BEGIN Records shown

(* Let $G$ be a connected non-bipartite graph and $\phi$ a sub-additive admissible matching policy. Then every word $u\in\mathbb W_2$ admits an erasing word for $(G,\phi)$, i.e. there is $z\in\mathcal V^*$ of even length such that for all $\varsigma'\in\mathcal S^*$ with $|\varsigma'|=|z|$ and all $\varsigma\in\mathcal S^*$ with $|\varsigma|=|u|$, both having letters in the support of $\nu_\phi$, we have $Q_\phi(z,\varsigma')=\emptyset$ and $Q_\phi(uz,\varsigma\varsigma')=\emptyset$.
   Context: $G=(\mathcal V,\mathcal E)$ is a finite connected simple graph, $i - j$ denotes adjacency. A list of preferences $\sigma\in\mathcal S$ gives for each class $i$ a linear ordering of its neighbours; the policy $\phi$ comes with a probability $\nu_\phi$ on $\mathcal S$. $\mathbb W=\{w\in\mathcal V^*:|w|_i|w|_j=0 \text{ whenever } i - j\}$ and $\mathbb W_2$ is the set of words of $\mathbb W$ of even length. $\phi$ is admissible if there is a map $\odot_\phi:\mathbb W\times(\mathcal V\times\mathcal S)\to\mathbb W$ with $w\odot_\phi(v,\sigma)=wv$ if no letter of $w$ is adjacent to $v$, and otherwise $w$ with one letter adjacent to $v$ (chosen by $\phi$ as a function of $w,v,\sigma$) deleted. For $z=z_1\cdots z_k$, $\varsigma=\varsigma_1\cdots\varsigma_k$, $Q_\phi(z,\varsigma)=(\cdots(\emptyset\odot_\phi(z_1,\varsigma_1))\cdots)\odot_\phi(z_k,\varsigma_k)$. $\phi$ is sub-additive if $|Q_\phi(z'z'',\varsigma'\varsigma'')|\le|Q_\phi(z',\varsigma')|+|Q_\phi(z'',\varsigma'')|$ for all words $z',z''$ and preference words $\varsigma',\varsigma''$ of matching lengths with letters in the support of $\nu_\phi$. *)

From Stdlib Require List.
From mathcomp Require Import all_boot.
Set Implicit Arguments. Unset Strict Implicit. Unset Printing Implicit Defensive.

Definition simple_graph (T : finType) (e : rel T) : Prop :=
  symmetric e /\ irreflexive e.

Definition connected_graph (T : finType) (e : rel T) : Prop :=
  forall x y : T, connect e x y.

Definition bipartite (T : finType) (e : rel T) : Prop :=
  exists c : T -> bool, forall x y, e x y -> c x != c y.

(* A list of preferences: for each class i, a linear ordering (a duplicate-free
   list) of exactly the neighbours of i. *)
Definition pref (T : Type) := T -> seq T.

Definition is_pref (T : finType) (e : rel T) (s : pref T) : Prop :=
  forall i, uniq (s i) /\ (forall j, (j \in s i) = e i j).

(* The set W of admissible words: no two adjacent classes both occur. *)
Definition in_W (T : finType) (e : rel T) (w : seq T) : Prop :=
  forall i j, e i j -> count_mem i w * count_mem j w = 0.

Definition admissible (T : finType) (e : rel T)
    (op : seq T -> T -> pref T -> seq T) : Prop :=
  forall (w : seq T) (v : T) (s : pref T), in_W e w -> is_pref e s ->
    (~~ has (e v) w -> op w v s = rcons w v) /\
    (has (e v) w -> exists2 k, k < size w &
        e (nth v w k) v /\ op w v s = take k w ++ drop k.+1 w).

Definition Q (T : Type) (op : seq T -> T -> pref T -> seq T)
    (z : seq T) (ss : seq (pref T)) : seq T :=
  foldl (fun w p => op w p.1 p.2) [::] (zip z ss).

Definition subadditive (T : finType) (op : seq T -> T -> pref T -> seq T)
    (supp : pref T -> Prop) : Prop :=
  forall (z1 z2 : seq T) (s1 s2 : seq (pref T)),
    size s1 = size z1 -> size s2 = size z2 ->
    List.Forall supp s1 -> List.Forall supp s2 ->
    size (Q op (z1 ++ z2) (s1 ++ s2)) <= size (Q op z1 s1) + size (Q op z2 s2).

From Stdlib Require List.
From mathcomp Require Import all_boot.
From mathcomp Require Import zify.
Set Implicit Arguments. Unset Strict Implicit. Unset Printing Implicit Defensive.

(* Run u and the empty word in parallel, keeping track of the pair of reached
   words only up to permutation.  Reading K copies of a letter y from a word
   with at most K neighbours of y erases all these neighbours and leaves the
   remaining copies of y, whatever the policy and the preferences; taking for K
   the larger of the two neighbour counts keeps the two words disjoint and their
   total length even.  Walking along paths of the connected graph with such
   steps, the set of letters occurring in the pair shrinks until a single pile
   of 2b copies of one letter is left, and such a pile can be moved to any
   vertex.  Non-bipartiteness gives an odd cycle p0 p1 ... x in which p0 sees
   only p1 and x: reading b copies of p0 splits a pile of p1's into b p1's and
   b p0's lying in different words, the p1-pile then travels along the cycle
   up to a neighbour of x while the p0-pile stays, and b copies of x erase
   both.  The parity of the erasing word follows from the run from the empty
   word. *)

Section OddCycle.
Variables (T : finType) (e : rel T).
Hypotheses (e_sym : symmetric e) (e_irr : irreflexive e).
Lemma mor_decomp n : exists a, g n = add (i a) (s (g' (se_p X n))).
Proof.
  destruct (split_decomp G (g n)) as [a Ea]. exists a.
  destruct Hm as [_ [_ [_ [Hgp _]]]]. rewrite <- Hgp. exact Ea.
Qed.

Lemma retarget_hom : is_hom (fun n => rebase (g n) (psi (se_p X n))).
Proof.
  pose proof Hm as [Hg _].
  split; [|split; [|split; [|split]]].
  - rewrite (hom0 (ext_p GX)), (hom0 Hg), (hom0 Hpsi). unfold rebase.
    rewrite (hom0 (ext_p G)), (hom0 (ext_s G)), (oppr0 (extM G)), !(addr0 (extM G)).
    reflexivity.
  - intros n n'. rewrite (homD (ext_p GX)), (homD Hg), (homD Hpsi).
    destruct (mor_decomp n) as [a ->], (mor_decomp n') as [a' ->].
    rewrite (nf_add G Hi), !rebase_nf, (nf_add G Hi), (proj1 (Hsame _)). reflexivity.
  - intros n. rewrite (homN (ext_p GX)), (homN Hg), (homN Hpsi).
    destruct (mor_decomp n) as [a ->].
    rewrite (nf_opp G Hi), !rebase_nf, (nf_opp G Hi),
      (proj1 (same_action_opp G Hi (Hsame (se_p X n)))).
    reflexivity.
  - intros w n. rewrite (homU (ext_p GX)), (homU Hg), (homU Hpsi).
    destruct (mor_decomp n) as [a ->].
    rewrite (nf_un G), !rebase_nf, (nf_un G). reflexivity.
  - intros o n n'. rewrite (homB (ext_p GX)), (homB Hg), (homB Hpsi).
    destruct (mor_decomp n) as [a ->], (mor_decomp n') as [a' ->].
    rewrite (nf_bin G Hi), !rebase_nf, (nf_bin G Hi), (proj2 (Hsame (se_p X n))),
      (proj2 (Hsame (se_p X n'))).
    reflexivity.
Qed.
(* Let $\mathbb F_0$ be a field and $\mathbb F=\mathbb F_0(\omega)$ a degree-$2$ extension field of $\mathbb F_0$. Let $h,d,n$ be nonnegative integers with $h\le d$, and let $A,B\in \mathbb F_0^{d\times n}$ be matrices with $\mathrm{rank}(A+\omega B)=d$. If $\mathrm{rank}\binom{A}{B}=2d-h$, then there is a matrix $Q\in \mathbb F^{h\times d}$ of rank $h$ such that $Q(A+\omega B)$ has all its entries in $\mathbb F_0$.
   Context: $\binom{A}{B}$ denotes the $2d\times n$ matrix obtained by stacking $A$ above $B$. *)

From HB Require Import structures.
From mathcomp Require Import all_boot all_order all_algebra all_field.
Set Implicit Arguments. Unset Strict Implicit. Unset Printing Implicit Defensive.
Import GRing.Theory.
Local Open Scope ring_scope.

Definition liftmx (F0 : fieldType) (L : fieldExtType F0) (m n : nat)
  (A : 'M[F0]_(m, n)) : 'M[L]_(m, n) := map_mx (in_alg L) A.

From HB Require Import structures.
From mathcomp Require Import all_boot all_order all_algebra all_field.
From mathcomp Require Import zify.
Set Implicit Arguments.
Unset Strict Implicit.
Unset Printing Implicit Defensive.

Import GRing.Theory.
Local Open Scope ring_scope.

(* Write w^2 = a + b w with a, b in F0.  Replacing A by A + b B does not
   change the row space of (A; B), so the left kernel of (B; A + b B) has
   dimension h; for a basis (Y1 Y2) of it, Q := Y1 + w Y2 satisfies
   Q (A + w B) = Y1 A + a Y2 B + w (Y1 B + Y2 (A + b B)) = Y1 A + a Y2 B.
   Since 1, w are independent over F0 and A + w B is row free, a left null
   vector of Y1 A + a Y2 B over F0 is a left null vector of (Y1 Y2), so
   Y1 A + a Y2 B has rank h, which bounds the rank of Q from below. *)

Lemma row_free_left_kernel (F : fieldType) (m n k : nat) (S : 'M[F]_(m, n)) :
  k = (m - \rank S)%N -> exists Y : 'M[F]_(k, m), row_free Y /\ Y *m S = 0.
Proof.
rewrite -mxrank_ker => ->; exists (row_base (kermx S)); split.
  exact: row_base_free.
by apply/sub_kermxP; rewrite eq_row_base submx_refl.
Qed.

Lemma eqmx_col_mx_shear (F : fieldType) (m n : nat) (A B : 'M[F]_(m, n)) (b : F) :
  (col_mx B (A + b *: B) :=: col_mx A B)%MS.
Proof.
apply/eqmxP; rewrite -!addsmxE; apply/andP; split.
  rewrite addsmx_sub addsmxSr /=.
  by apply: addmx_sub; [exact: addsmxSl | apply: scalemx_sub; exact: addsmxSr].
rewrite addsmx_sub addsmxSl andbT.
have eA : A = (A + b *: B) + (- b) *: B by rewrite scaleNr addrK.
rewrite [X in (X <= _)%MS]eA.
by apply: addmx_sub; [exact: addsmxSr | apply: scalemx_sub; exact: addsmxSl].
Qed.

Section QuadraticExtension.

Variables (F0 : fieldType) (L : fieldExtType F0) (w : L).
Hypotheses (dimL : \dim {:L} = 2%N) (genL : <<1%AS; w>>%VS = fullv).

Lemma quadratic_relation : exists a b : F0, w * w = a%:A + w * b%:A.
Proof.
have deg2 : adjoin_degree 1%AS w = 2%N.
  by have := dim_Fadjoin 1%AS w; rewrite genL dimL dimv1 muln1.
have := @Fadjoin_poly_eq _ _ 1%AS w (w * w) (ltac:(by rewrite genL memvf)).
set p := Fadjoin_poly _ _ _.
have sz_p : (size p <= 2)%N by rewrite -deg2 size_Fadjoin_poly.
have /polyOverP p_coef := Fadjoin_polyOver 1%AS w (w * w).
rewrite (horner_coef_wide _ sz_p) !big_ord_recr big_ord0 /= add0r expr0 expr1.
rewrite mulr1 => <-.
have [a ->] := vlineP _ _ (p_coef 0%N).
have [b ->] := vlineP _ _ (p_coef 1%N).
by exists a, b; rewrite mulrC.
Qed.

Lemma gen_notin1 : w \notin 1%VS.
Proof.
apply/negP => /Fadjoin_idP; rewrite genL => full1.
by have := dimv1 L; rewrite -full1 dimL.
Qed.

Lemma scalar_comb_eq0 (c1 c2 : F0) : c1%:A + w * c2%:A = 0 -> c1 = 0 /\ c2 = 0.
Proof.
have [-> | c2_neq0] := eqVneq c2 0.
  by rewrite scale0r mulr0 addr0 => /eqP; rewrite scaler_eq0 oner_eq0 orbF => /eqP.
move=> eq0; have algC2 : c2%:A != 0 :> L by rewrite scaler_eq0 oner_eq0 orbF.
have wE : w = (- c1 / c2)%:A.
  rewrite -[_%:A]/(in_alg L _) fmorph_div rmorphN /=.
  apply: (canRL (mulfK algC2)); apply/eqP; rewrite -addr_eq0 addrC.
  exact/eqP.
by have := gen_notin1; rewrite wE memvZ ?mem1v.
Qed.

Lemma lift_comb_eq0 (m n : nat) (X Y : 'M[F0]_(m, n)) :
  liftmx L X + w *: liftmx L Y = 0 -> X = 0 /\ Y = 0.
Proof.
move=> eq0; suff XY0 i j : X i j = 0 /\ Y i j = 0.
  by split; apply/matrixP => i j; rewrite mxE; case: (XY0 i j).
apply: scalar_comb_eq0.
by have := congr1 (fun M : 'M[L]_(m, n) => M i j) eq0; rewrite !mxE mulrC.
Qed.

Lemma mul_lift_comb (a b : F0) (ww : w * w = a%:A + w * b%:A) (m p n : nat)
    (Y1 Y2 : 'M[F0]_(m, p)) (A B : 'M[F0]_(p, n)) :
  (liftmx L Y1 + w *: liftmx L Y2) *m (liftmx L A + w *: liftmx L B) =
  liftmx L (Y1 *m A + a *: (Y2 *m B)) + w *: liftmx L (Y1 *m B + Y2 *m (A + b *: B)).
Proof.
rewrite /liftmx !map_mxD !map_mxZ !map_mxM.
rewrite !mulmxDl !mulmxDr map_mxD map_mxZ mulmxDr -!scalemxAl -!scalemxAr.
rewrite !scalerA ww scalerDl -scalerA !scalerDr.
by rewrite -!addrA; congr (_ + _); rewrite [RHS]addrCA; congr (_ + _); apply: addrCA.
Qed.

Lemma row_free_lift_mul (m p n : nat) (Y1 Y2 : 'M[F0]_(m, p))
    (M : 'M[L]_(p, n)) (C : 'M[F0]_(m, n)) :
  row_free (row_mx Y1 Y2) -> row_free M ->
  (liftmx L Y1 + w *: liftmx L Y2) *m M = liftmx L C -> row_free C.
Proof.
move=> freeY freeM QM; apply: inj_row_free => z zC0.
have /eqP : (liftmx L z *m (liftmx L Y1 + w *: liftmx L Y2)) *m M = 0.
  by rewrite -mulmxA QM /liftmx -map_mxM zC0 map_mx0.
rewrite mulmx_free_eq0 // mulmxDr -scalemxAr /liftmx -!map_mxM.
move=> /eqP /lift_comb_eq0 [zY1 zY2].
by apply: (row_free_inj freeY); rewrite mul0mx mul_mx_row zY1 zY2 row_mx0.
Qed.

End QuadraticExtension.

Theorem lemma3p3 (F0 : fieldType) (L : fieldExtType F0) (w : L)
  (hdeg : \dim {:L} = 2%N)
  (hgen : <<1%AS; w>>%VS = fullv)
  (h d n : nat) (hle : (h <= d)%N)
  (A B : 'M[F0]_(d, n))
  (hrk : \rank (liftmx L A + w *: liftmx L B)%R = d)
  (hrkAB : \rank (col_mx A B) = (2 * d - h)%N) :
  exists Q : 'M[L]_(h, d),
    \rank Q = h /\
    exists C : 'M[F0]_(h, n), Q *m (liftmx L A + w *: liftmx L B) = liftmx L C.
Proof.
have [a [b ww]] := quadratic_relation hdeg hgen.
have [Y [freeY kerY]] :
    exists Y : 'M[F0]_(h, d + d), row_free Y /\ Y *m col_mx B (A + b *: B) = 0.
  by apply: row_free_left_kernel; rewrite eqmx_col_mx_shear hrkAB; lia.
have ker12 : lsubmx Y *m B + rsubmx Y *m (A + b *: B) = 0.
  by rewrite -mul_row_col hsubmxK.
set Q := liftmx L (lsubmx Y) + w *: liftmx L (rsubmx Y).
set C := lsubmx Y *m A + a *: (rsubmx Y *m B).
have QM : Q *m (liftmx L A + w *: liftmx L B) = liftmx L C.
  by rewrite (mul_lift_comb ww) ker12 /liftmx map_mx0 scaler0 addr0.
have freeC : row_free C.
  by apply: row_free_lift_mul QM; rewrite ?hsubmxK // /row_free hrk.
exists Q; split; last by exists C.
have rankCQ : (\rank C <= \rank Q)%N.
  by rewrite -(mxrank_map (in_alg L) C) -[map_mx _ C]/(liftmx L C) -QM mxrankM_maxl.
by apply/eqP; rewrite eqn_leq rank_leq_row -[X in (X <= _)%N](eqP freeC).
Qed.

END Records shown

What the task requires:
Your answer should be the lines above from the one containing "by have := congr1" through the one containing "rewrite /liftmx !map_mxD !map_mxZ !map_mxM.", copied exactly and with both ends kept.

Answer space:
by have := congr1 (fun M : 'M[L]_(m, n) => M i j) eq0; rewrite !mxE mulrC.
Qed.

Lemma mul_lift_comb (a b : F0) (ww : w * w = a%:A + w * b%:A) (m p n : nat)
    (Y1 Y2 : 'M[F0]_(m, p)) (A B : 'M[F0]_(p, n)) :
  (liftmx L Y1 + w *: liftmx L Y2) *m (liftmx L A + w *: liftmx L B) =
  liftmx L (Y1 *m A + a *: (Y2 *m B)) + w *: liftmx L (Y1 *m B + Y2 *m (A + b *: B)).
Proof.
rewrite /liftmx !map_mxD !map_mxZ !map_mxM.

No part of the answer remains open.